WHAT IS BEING ASKED — Give back, exactly as written, the lines from the beginning of the listing through the one that contains "forall u, cauchy".

MATERIAL PROVIDED —
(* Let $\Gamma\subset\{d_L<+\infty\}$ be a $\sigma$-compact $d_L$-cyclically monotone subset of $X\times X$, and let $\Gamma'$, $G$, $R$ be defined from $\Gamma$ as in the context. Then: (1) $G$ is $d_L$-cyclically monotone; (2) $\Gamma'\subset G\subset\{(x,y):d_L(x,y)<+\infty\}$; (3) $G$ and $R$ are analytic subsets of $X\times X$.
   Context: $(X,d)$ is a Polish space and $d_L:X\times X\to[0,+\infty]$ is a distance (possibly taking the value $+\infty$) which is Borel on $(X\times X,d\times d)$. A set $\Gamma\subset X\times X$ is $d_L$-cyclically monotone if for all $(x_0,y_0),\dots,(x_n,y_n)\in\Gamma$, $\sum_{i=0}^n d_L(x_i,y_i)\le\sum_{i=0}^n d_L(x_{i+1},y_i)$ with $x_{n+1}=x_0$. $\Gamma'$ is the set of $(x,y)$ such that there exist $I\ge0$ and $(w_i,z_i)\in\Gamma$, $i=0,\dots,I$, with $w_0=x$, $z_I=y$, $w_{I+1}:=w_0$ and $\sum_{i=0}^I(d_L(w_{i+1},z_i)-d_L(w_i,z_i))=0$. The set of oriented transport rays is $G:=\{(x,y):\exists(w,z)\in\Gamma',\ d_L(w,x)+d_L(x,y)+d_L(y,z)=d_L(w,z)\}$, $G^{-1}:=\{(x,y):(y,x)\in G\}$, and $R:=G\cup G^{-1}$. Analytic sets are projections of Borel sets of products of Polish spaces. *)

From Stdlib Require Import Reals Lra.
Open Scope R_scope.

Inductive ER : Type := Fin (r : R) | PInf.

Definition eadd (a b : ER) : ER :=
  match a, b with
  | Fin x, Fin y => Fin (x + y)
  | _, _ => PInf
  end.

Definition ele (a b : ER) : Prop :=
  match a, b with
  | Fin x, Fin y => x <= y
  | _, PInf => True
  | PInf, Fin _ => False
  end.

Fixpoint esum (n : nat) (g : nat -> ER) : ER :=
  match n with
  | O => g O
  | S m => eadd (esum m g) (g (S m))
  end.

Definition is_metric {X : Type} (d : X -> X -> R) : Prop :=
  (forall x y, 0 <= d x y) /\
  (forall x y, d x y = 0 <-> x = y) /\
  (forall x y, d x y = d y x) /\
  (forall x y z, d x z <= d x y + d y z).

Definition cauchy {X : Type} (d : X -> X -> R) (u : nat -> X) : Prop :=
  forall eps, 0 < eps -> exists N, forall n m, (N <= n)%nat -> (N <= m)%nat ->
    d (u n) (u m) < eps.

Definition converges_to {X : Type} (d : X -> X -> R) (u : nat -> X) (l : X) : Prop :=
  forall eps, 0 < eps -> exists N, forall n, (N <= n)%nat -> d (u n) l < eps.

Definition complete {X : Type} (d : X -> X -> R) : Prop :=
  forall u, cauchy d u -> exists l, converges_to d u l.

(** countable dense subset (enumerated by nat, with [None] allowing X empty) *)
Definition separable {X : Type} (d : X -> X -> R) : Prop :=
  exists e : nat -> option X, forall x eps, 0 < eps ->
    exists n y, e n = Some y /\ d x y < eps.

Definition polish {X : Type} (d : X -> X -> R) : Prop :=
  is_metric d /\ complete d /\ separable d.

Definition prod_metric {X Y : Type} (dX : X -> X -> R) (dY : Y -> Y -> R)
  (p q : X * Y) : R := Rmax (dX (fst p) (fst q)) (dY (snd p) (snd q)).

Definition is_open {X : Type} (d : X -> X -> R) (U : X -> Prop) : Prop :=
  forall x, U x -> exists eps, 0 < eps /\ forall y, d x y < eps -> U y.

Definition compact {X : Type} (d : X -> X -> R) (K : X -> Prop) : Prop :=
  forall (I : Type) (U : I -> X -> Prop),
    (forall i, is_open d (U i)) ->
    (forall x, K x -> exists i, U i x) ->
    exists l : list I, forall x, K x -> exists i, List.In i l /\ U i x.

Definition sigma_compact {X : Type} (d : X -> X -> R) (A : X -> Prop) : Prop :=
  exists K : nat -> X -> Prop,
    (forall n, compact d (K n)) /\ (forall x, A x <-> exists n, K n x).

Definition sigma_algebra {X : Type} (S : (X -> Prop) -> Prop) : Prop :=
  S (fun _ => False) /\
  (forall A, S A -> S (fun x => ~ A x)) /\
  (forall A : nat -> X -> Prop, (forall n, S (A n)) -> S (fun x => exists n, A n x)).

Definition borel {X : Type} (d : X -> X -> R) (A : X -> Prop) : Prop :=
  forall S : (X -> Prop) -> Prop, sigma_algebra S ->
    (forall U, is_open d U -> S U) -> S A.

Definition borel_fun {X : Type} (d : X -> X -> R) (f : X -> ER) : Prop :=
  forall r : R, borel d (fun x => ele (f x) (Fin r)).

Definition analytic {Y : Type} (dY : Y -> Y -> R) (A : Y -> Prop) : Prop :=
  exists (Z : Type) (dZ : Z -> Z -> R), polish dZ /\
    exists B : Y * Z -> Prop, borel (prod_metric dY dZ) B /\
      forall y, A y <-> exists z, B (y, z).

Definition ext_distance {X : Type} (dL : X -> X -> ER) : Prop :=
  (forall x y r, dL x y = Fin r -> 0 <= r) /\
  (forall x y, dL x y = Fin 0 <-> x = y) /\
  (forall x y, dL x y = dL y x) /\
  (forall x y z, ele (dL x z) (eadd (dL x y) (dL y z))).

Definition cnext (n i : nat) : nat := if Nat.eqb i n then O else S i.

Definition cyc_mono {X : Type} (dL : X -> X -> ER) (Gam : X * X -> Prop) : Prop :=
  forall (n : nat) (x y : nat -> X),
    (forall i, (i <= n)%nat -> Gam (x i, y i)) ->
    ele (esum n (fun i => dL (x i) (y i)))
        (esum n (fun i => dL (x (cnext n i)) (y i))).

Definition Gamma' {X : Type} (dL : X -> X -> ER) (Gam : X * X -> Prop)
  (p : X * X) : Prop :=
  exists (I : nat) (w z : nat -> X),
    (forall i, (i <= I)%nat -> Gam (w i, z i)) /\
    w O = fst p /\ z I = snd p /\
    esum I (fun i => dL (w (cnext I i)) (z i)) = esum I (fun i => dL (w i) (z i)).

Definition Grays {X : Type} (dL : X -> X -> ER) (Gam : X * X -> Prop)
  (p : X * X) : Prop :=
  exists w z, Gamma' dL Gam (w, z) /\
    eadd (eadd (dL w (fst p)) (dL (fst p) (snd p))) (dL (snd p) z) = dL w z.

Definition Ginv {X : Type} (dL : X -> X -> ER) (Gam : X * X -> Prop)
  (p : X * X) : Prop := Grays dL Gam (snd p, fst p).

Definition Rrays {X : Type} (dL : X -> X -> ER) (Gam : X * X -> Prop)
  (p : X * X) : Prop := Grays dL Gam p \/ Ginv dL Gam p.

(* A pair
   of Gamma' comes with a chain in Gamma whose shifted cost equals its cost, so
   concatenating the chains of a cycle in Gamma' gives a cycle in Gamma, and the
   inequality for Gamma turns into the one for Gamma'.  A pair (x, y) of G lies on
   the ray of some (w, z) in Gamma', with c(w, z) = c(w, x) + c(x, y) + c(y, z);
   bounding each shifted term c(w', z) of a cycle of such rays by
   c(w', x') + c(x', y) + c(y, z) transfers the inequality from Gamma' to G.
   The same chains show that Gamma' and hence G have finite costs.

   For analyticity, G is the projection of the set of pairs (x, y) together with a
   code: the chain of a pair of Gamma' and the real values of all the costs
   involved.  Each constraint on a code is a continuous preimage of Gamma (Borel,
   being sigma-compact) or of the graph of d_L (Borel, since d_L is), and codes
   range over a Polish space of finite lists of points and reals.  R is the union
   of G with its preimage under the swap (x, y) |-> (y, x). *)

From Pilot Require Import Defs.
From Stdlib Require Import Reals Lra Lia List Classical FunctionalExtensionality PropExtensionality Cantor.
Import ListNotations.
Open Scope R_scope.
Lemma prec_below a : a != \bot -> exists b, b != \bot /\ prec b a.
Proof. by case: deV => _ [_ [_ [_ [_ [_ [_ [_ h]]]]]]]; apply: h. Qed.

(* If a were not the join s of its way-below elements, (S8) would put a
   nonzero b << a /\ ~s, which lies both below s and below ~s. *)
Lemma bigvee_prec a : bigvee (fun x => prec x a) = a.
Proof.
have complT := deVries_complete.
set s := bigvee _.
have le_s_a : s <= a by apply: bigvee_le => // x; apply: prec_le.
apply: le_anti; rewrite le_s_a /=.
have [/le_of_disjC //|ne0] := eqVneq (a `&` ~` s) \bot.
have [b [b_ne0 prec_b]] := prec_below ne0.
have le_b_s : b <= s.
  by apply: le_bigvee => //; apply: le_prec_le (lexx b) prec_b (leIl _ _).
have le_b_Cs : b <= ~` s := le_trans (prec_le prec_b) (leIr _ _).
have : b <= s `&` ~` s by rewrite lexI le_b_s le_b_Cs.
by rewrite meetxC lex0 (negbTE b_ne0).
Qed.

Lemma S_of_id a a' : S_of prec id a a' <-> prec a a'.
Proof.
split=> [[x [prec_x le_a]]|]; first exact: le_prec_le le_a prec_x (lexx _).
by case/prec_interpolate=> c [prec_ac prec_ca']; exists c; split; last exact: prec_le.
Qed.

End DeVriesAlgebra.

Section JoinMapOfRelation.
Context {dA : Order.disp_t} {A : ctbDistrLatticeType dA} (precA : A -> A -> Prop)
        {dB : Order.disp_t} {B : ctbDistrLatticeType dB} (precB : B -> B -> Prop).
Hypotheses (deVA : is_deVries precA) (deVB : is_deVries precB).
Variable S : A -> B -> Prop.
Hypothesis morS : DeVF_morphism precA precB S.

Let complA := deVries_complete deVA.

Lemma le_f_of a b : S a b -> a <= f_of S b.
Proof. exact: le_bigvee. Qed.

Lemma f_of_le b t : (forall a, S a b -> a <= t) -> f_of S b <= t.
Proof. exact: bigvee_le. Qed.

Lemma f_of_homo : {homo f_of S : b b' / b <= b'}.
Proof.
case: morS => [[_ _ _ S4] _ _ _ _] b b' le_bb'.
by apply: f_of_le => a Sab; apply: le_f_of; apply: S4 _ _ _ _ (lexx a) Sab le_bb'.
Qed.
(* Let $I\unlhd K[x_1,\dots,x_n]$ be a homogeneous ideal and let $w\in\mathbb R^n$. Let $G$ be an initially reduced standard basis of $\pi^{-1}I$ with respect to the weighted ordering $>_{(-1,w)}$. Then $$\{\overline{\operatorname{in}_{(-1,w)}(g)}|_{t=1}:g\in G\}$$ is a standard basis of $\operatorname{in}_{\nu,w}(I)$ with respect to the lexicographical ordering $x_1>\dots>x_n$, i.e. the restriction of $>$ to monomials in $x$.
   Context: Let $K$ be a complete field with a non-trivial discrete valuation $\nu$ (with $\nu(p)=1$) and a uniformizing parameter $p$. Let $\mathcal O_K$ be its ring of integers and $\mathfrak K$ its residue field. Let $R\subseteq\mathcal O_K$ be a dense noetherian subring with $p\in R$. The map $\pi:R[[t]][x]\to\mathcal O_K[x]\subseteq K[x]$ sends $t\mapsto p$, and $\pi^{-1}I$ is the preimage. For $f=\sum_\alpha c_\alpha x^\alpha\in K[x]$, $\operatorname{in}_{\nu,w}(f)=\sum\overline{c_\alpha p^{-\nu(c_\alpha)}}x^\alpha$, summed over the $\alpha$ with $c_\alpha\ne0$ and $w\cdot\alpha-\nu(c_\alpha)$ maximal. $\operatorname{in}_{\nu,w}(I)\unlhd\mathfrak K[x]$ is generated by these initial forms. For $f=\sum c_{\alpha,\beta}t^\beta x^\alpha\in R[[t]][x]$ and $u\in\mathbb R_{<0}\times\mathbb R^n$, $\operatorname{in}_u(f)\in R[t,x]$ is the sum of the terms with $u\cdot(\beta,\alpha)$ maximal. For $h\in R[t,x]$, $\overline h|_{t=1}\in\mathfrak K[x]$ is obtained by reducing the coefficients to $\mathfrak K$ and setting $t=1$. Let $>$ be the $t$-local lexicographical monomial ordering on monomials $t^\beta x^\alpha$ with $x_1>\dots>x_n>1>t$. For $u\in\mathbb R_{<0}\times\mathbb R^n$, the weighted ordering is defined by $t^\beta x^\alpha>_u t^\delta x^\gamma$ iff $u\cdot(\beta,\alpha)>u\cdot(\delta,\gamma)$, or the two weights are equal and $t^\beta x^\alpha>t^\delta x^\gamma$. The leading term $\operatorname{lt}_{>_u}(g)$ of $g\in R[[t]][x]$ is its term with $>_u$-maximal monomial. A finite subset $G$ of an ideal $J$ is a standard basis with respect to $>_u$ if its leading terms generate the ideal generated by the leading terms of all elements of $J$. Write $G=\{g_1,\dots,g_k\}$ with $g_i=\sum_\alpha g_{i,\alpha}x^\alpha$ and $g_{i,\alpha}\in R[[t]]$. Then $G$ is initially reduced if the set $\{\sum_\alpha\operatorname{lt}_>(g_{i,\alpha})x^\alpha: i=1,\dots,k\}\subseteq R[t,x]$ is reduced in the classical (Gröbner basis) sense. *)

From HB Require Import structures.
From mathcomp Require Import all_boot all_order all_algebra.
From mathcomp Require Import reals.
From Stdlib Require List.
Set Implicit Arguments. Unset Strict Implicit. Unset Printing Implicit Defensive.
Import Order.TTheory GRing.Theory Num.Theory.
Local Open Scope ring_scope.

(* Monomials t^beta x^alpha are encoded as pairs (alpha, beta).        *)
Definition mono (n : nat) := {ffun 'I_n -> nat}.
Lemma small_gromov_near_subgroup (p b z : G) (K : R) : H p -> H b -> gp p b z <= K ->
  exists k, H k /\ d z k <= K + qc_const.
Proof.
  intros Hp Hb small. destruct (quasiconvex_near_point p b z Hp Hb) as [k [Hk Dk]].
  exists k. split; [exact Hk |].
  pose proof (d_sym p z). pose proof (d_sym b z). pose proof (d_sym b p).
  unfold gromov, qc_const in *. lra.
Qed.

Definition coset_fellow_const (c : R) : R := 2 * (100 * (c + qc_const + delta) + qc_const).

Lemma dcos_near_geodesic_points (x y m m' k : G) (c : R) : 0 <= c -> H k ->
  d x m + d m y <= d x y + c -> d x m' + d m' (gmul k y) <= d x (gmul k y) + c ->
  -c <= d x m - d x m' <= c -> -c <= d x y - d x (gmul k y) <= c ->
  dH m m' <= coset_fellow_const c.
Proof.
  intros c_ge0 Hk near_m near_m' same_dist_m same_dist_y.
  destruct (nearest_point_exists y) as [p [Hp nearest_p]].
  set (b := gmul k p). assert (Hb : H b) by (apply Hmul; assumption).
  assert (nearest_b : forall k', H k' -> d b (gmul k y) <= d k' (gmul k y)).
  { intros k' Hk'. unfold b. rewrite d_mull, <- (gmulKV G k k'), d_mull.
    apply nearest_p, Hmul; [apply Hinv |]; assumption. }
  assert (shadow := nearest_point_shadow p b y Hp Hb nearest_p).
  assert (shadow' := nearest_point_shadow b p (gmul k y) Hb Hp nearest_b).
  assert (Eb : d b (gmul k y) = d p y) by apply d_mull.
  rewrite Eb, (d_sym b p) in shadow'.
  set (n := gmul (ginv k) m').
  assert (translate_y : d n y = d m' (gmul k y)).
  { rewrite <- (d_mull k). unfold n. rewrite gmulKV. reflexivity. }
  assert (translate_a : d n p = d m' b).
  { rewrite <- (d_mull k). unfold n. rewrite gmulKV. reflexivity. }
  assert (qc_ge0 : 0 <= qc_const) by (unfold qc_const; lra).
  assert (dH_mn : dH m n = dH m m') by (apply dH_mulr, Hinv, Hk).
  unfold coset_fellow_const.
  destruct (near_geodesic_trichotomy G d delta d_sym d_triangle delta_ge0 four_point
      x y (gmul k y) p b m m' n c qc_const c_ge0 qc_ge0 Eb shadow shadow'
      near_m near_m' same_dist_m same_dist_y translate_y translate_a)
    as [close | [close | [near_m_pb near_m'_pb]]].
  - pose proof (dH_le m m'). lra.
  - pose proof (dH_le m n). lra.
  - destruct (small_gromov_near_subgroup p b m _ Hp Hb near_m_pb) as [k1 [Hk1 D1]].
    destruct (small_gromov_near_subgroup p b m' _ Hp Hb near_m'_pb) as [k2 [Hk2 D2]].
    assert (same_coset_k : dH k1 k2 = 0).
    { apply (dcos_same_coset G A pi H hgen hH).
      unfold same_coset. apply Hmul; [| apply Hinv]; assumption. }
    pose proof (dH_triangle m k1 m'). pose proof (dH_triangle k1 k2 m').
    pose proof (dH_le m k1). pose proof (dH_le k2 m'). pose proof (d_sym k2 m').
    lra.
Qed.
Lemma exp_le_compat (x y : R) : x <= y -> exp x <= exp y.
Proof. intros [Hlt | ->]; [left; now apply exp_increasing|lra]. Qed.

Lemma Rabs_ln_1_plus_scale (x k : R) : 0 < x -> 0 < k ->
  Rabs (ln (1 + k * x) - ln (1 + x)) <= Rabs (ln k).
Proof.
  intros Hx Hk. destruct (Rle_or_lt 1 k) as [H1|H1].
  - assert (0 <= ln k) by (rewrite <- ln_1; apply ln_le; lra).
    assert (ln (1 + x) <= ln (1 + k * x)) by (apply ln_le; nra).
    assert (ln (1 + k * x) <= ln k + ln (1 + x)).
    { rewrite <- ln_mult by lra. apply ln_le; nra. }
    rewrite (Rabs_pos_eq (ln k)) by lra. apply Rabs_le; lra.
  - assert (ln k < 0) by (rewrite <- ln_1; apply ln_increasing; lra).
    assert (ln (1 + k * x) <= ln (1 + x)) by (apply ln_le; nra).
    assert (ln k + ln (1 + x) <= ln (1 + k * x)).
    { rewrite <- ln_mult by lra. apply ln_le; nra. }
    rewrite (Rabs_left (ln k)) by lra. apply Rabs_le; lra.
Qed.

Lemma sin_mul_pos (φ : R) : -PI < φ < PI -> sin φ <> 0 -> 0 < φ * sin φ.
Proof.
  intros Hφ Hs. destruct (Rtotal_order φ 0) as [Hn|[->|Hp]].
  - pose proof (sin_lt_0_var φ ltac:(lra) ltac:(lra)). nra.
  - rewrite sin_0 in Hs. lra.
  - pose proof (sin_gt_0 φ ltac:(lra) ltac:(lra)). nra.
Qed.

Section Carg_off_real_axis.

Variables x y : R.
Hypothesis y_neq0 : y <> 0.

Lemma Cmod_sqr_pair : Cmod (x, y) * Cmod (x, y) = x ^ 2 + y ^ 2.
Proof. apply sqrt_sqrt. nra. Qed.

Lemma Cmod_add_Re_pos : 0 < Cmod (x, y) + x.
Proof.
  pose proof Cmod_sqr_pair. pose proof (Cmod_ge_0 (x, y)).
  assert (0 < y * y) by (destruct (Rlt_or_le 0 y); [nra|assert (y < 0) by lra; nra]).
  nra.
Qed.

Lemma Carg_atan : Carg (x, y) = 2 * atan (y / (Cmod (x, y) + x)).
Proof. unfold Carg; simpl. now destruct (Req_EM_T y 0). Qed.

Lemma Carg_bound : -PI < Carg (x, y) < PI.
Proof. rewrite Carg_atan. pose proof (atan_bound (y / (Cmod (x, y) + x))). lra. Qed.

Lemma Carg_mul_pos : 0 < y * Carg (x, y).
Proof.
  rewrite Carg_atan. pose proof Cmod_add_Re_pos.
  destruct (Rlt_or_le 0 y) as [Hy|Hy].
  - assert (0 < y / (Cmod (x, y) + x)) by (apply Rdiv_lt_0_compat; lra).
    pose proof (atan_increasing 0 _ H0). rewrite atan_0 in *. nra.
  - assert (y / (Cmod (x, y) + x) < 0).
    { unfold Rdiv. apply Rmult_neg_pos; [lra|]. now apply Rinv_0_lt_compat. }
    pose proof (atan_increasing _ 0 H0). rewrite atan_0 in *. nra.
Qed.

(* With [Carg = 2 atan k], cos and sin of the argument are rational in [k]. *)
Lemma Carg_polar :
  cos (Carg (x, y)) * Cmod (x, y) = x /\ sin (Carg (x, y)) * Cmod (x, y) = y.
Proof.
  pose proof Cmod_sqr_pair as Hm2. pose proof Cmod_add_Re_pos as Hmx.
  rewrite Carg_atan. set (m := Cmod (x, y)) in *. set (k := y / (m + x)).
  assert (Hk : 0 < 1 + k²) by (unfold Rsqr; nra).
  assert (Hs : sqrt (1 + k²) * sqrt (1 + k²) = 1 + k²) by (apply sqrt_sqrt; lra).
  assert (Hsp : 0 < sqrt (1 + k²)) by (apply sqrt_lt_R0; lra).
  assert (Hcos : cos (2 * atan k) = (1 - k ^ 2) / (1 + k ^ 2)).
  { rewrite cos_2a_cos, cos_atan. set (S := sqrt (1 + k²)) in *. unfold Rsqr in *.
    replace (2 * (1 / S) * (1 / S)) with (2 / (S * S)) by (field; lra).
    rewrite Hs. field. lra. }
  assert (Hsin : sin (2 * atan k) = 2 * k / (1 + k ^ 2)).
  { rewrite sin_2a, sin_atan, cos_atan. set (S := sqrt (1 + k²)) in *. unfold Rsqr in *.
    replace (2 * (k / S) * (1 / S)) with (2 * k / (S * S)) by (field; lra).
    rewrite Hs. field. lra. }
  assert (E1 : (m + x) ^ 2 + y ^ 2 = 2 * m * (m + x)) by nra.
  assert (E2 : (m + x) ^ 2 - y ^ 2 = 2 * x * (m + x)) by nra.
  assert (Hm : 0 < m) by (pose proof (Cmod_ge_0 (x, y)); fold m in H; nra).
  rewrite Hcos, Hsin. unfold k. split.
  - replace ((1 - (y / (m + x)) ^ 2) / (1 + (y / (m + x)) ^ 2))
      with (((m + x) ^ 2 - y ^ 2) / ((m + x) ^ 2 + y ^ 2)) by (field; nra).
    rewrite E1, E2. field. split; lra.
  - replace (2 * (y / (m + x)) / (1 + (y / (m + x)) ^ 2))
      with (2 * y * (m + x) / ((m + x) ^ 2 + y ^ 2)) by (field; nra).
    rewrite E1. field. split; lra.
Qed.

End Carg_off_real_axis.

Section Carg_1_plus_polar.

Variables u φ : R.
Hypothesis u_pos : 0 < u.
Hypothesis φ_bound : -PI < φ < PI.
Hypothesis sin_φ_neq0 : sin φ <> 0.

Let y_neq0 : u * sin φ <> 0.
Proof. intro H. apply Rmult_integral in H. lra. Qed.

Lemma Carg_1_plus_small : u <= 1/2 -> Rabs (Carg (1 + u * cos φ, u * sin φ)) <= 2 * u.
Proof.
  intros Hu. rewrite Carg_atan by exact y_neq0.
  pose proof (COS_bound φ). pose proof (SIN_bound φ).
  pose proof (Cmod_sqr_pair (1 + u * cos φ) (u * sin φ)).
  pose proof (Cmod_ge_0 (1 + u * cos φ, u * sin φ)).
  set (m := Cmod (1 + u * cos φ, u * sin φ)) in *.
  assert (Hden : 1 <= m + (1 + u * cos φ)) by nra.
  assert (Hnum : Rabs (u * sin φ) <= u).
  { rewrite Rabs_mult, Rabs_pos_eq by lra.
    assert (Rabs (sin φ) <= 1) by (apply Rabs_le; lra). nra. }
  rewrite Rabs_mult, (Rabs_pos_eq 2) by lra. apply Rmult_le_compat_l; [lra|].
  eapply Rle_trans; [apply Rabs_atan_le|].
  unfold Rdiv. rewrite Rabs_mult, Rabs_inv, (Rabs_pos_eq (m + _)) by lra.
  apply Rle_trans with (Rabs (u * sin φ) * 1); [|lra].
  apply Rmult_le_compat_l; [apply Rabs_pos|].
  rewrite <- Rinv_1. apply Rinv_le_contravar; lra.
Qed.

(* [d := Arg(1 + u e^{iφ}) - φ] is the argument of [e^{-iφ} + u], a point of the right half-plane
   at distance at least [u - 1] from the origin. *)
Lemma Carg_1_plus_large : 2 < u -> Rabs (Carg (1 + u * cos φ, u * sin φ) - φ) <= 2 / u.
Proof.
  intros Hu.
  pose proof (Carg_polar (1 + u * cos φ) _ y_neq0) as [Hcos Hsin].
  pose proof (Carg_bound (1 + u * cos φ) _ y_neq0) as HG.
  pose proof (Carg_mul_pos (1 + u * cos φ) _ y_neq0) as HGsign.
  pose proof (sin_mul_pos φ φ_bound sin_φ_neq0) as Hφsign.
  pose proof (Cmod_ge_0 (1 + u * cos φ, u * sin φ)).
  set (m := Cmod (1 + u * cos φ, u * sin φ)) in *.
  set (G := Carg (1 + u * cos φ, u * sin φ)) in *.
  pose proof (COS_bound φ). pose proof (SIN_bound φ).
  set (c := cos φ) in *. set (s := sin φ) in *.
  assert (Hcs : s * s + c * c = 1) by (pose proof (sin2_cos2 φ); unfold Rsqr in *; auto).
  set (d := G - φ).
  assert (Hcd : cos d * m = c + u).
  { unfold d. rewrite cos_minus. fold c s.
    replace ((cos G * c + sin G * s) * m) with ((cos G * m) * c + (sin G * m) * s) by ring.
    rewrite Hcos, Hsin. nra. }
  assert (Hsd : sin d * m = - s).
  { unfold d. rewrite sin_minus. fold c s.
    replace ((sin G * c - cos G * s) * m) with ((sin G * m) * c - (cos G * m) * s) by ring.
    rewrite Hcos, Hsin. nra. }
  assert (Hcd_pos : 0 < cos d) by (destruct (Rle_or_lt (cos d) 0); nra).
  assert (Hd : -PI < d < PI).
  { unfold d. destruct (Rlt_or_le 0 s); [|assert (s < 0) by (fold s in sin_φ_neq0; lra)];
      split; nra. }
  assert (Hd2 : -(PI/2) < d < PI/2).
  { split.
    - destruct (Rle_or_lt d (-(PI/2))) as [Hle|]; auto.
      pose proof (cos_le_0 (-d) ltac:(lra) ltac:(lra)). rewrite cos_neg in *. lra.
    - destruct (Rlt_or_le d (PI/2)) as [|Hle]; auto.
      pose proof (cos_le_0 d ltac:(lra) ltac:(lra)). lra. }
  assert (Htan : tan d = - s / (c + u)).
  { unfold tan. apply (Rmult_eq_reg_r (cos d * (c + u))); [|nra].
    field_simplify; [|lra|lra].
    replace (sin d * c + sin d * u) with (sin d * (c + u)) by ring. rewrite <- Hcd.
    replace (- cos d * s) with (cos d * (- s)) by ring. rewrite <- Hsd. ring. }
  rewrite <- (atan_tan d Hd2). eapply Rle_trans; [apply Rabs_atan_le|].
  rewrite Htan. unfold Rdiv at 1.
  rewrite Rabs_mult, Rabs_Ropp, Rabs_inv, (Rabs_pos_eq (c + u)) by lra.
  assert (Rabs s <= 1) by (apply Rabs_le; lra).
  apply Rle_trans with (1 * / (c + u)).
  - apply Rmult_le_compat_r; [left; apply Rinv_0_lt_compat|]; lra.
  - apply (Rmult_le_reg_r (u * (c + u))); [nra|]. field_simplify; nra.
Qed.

EXERCISE ANSWER —
(* Let $\Gamma\subset\{d_L<+\infty\}$ be a $\sigma$-compact $d_L$-cyclically monotone subset of $X\times X$, and let $\Gamma'$, $G$, $R$ be defined from $\Gamma$ as in the context. Then: (1) $G$ is $d_L$-cyclically monotone; (2) $\Gamma'\subset G\subset\{(x,y):d_L(x,y)<+\infty\}$; (3) $G$ and $R$ are analytic subsets of $X\times X$.
   Context: $(X,d)$ is a Polish space and $d_L:X\times X\to[0,+\infty]$ is a distance (possibly taking the value $+\infty$) which is Borel on $(X\times X,d\times d)$. A set $\Gamma\subset X\times X$ is $d_L$-cyclically monotone if for all $(x_0,y_0),\dots,(x_n,y_n)\in\Gamma$, $\sum_{i=0}^n d_L(x_i,y_i)\le\sum_{i=0}^n d_L(x_{i+1},y_i)$ with $x_{n+1}=x_0$. $\Gamma'$ is the set of $(x,y)$ such that there exist $I\ge0$ and $(w_i,z_i)\in\Gamma$, $i=0,\dots,I$, with $w_0=x$, $z_I=y$, $w_{I+1}:=w_0$ and $\sum_{i=0}^I(d_L(w_{i+1},z_i)-d_L(w_i,z_i))=0$. The set of oriented transport rays is $G:=\{(x,y):\exists(w,z)\in\Gamma',\ d_L(w,x)+d_L(x,y)+d_L(y,z)=d_L(w,z)\}$, $G^{-1}:=\{(x,y):(y,x)\in G\}$, and $R:=G\cup G^{-1}$. Analytic sets are projections of Borel sets of products of Polish spaces. *)

From Stdlib Require Import Reals Lra.
Open Scope R_scope.

Inductive ER : Type := Fin (r : R) | PInf.

Definition eadd (a b : ER) : ER :=
  match a, b with
  | Fin x, Fin y => Fin (x + y)
  | _, _ => PInf
  end.

Definition ele (a b : ER) : Prop :=
  match a, b with
  | Fin x, Fin y => x <= y
  | _, PInf => True
  | PInf, Fin _ => False
  end.

Fixpoint esum (n : nat) (g : nat -> ER) : ER :=
  match n with
  | O => g O
  | S m => eadd (esum m g) (g (S m))
  end.

Definition is_metric {X : Type} (d : X -> X -> R) : Prop :=
  (forall x y, 0 <= d x y) /\
  (forall x y, d x y = 0 <-> x = y) /\
  (forall x y, d x y = d y x) /\
  (forall x y z, d x z <= d x y + d y z).

Definition cauchy {X : Type} (d : X -> X -> R) (u : nat -> X) : Prop :=
  forall eps, 0 < eps -> exists N, forall n m, (N <= n)%nat -> (N <= m)%nat ->
    d (u n) (u m) < eps.

Definition converges_to {X : Type} (d : X -> X -> R) (u : nat -> X) (l : X) : Prop :=
  forall eps, 0 < eps -> exists N, forall n, (N <= n)%nat -> d (u n) l < eps.

Definition complete {X : Type} (d : X -> X -> R) : Prop :=
  forall u, cauchy d u -> exists l, converges_to d u l.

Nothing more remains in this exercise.